**What you are asked to do:** Below are records; reproduce exactly the lines from the one that has "apply: (le1_of_expr_linear_bound (A" through the one that has "case/connectP=> p /shortenP[p'", ends included, and nothing more.

- - - - - - -

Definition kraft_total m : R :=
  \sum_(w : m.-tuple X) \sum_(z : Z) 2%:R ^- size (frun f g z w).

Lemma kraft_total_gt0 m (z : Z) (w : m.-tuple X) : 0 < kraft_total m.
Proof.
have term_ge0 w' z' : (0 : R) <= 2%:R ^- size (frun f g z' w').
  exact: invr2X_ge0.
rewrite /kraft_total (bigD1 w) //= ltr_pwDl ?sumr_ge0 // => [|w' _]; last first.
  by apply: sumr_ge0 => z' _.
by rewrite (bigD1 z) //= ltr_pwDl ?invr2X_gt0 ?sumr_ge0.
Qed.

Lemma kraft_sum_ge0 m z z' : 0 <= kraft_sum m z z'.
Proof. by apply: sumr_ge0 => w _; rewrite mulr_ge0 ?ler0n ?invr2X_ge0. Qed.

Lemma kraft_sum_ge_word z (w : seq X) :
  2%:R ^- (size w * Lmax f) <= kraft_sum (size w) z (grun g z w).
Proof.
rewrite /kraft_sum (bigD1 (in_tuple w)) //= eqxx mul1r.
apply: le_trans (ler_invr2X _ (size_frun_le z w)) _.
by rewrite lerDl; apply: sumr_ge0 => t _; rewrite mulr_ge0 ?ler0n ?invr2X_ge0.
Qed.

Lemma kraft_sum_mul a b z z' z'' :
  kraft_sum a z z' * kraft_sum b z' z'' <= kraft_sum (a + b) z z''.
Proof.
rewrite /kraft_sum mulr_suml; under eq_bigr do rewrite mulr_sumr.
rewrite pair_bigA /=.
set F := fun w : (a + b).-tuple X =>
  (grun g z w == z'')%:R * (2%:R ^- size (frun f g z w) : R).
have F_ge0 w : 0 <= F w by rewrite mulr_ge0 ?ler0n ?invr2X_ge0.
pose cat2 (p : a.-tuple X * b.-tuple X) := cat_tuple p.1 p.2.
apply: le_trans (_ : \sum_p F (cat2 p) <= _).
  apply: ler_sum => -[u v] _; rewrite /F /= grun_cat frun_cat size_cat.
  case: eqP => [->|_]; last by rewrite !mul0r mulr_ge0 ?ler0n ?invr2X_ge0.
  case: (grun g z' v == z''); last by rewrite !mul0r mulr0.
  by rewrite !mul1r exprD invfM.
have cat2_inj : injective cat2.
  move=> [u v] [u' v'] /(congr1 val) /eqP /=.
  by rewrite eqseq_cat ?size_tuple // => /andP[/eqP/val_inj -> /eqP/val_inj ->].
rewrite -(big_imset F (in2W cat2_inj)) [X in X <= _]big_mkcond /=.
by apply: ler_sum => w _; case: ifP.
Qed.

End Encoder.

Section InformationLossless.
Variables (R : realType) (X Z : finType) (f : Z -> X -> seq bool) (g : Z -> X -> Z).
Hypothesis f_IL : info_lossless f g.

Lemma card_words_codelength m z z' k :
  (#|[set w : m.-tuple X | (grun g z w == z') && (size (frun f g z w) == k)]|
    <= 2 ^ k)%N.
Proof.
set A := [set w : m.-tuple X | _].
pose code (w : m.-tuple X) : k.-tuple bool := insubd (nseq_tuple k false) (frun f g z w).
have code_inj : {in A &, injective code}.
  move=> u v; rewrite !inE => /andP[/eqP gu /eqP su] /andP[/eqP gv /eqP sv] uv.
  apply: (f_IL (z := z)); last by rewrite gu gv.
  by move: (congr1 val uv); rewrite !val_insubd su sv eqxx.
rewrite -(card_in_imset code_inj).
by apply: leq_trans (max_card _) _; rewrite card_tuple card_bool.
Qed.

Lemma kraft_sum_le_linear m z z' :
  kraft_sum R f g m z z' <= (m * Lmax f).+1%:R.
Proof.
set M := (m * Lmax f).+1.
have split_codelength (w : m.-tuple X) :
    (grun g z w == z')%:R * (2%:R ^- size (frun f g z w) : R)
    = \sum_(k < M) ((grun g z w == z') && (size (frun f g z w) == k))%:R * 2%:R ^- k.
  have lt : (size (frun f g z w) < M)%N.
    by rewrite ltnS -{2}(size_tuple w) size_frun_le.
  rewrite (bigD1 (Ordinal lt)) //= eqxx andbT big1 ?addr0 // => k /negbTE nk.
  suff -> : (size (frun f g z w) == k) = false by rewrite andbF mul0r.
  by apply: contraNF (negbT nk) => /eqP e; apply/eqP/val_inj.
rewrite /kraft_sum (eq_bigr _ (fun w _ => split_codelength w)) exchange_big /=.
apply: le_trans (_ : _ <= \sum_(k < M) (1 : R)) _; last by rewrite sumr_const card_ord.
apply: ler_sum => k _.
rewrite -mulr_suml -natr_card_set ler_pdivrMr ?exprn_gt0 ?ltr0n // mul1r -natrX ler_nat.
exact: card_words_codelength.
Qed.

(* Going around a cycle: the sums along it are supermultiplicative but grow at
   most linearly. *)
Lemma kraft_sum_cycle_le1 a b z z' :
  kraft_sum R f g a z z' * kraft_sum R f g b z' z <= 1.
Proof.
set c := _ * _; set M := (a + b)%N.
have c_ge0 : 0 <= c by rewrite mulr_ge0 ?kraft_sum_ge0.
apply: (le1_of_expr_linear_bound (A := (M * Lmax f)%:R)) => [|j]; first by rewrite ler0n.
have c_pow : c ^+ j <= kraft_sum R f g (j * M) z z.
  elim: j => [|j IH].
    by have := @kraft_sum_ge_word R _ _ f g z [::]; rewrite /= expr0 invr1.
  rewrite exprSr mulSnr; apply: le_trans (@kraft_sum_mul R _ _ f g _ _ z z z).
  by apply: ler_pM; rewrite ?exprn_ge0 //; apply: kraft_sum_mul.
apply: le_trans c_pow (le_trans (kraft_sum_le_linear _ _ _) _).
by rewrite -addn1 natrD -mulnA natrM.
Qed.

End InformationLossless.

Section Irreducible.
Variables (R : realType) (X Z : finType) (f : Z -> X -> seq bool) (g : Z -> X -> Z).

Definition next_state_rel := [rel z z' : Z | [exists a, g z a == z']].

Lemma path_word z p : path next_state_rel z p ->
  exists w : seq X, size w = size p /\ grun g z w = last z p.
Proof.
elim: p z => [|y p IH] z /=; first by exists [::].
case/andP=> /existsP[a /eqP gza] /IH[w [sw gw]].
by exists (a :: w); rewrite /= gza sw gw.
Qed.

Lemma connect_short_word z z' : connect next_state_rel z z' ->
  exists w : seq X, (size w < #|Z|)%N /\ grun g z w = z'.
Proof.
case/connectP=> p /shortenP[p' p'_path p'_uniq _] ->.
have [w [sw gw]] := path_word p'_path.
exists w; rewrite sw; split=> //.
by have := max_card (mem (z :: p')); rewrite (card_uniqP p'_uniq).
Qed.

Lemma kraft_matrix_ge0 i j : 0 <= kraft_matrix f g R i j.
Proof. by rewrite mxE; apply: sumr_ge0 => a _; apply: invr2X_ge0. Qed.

- - - - - - -

**Result of the task:**
apply: (le1_of_expr_linear_bound (A := (M * Lmax f)%:R)) => [|j]; first by rewrite ler0n.
have c_pow : c ^+ j <= kraft_sum R f g (j * M) z z.
  elim: j => [|j IH].
    by have := @kraft_sum_ge_word R _ _ f g z [::]; rewrite /= expr0 invr1.
  rewrite exprSr mulSnr; apply: le_trans (@kraft_sum_mul R _ _ f g _ _ z z z).
  by apply: ler_pM; rewrite ?exprn_ge0 //; apply: kraft_sum_mul.
apply: le_trans c_pow (le_trans (kraft_sum_le_linear _ _ _) _).
by rewrite -addn1 natrD -mulnA natrM.
Qed.

End InformationLossless.

Section Irreducible.
Variables (R : realType) (X Z : finType) (f : Z -> X -> seq bool) (g : Z -> X -> Z).

Definition next_state_rel := [rel z z' : Z | [exists a, g z a == z']].

Lemma path_word z p : path next_state_rel z p ->
  exists w : seq X, size w = size p /\ grun g z w = last z p.
Proof.
elim: p z => [|y p IH] z /=; first by exists [::].
case/andP=> /existsP[a /eqP gza] /IH[w [sw gw]].
by exists (a :: w); rewrite /= gza sw gw.
Qed.

Lemma connect_short_word z z' : connect next_state_rel z z' ->
  exists w : seq X, (size w < #|Z|)%N /\ grun g z w = z'.
Proof.
case/connectP=> p /shortenP[p' p'_path p'_uniq _] ->.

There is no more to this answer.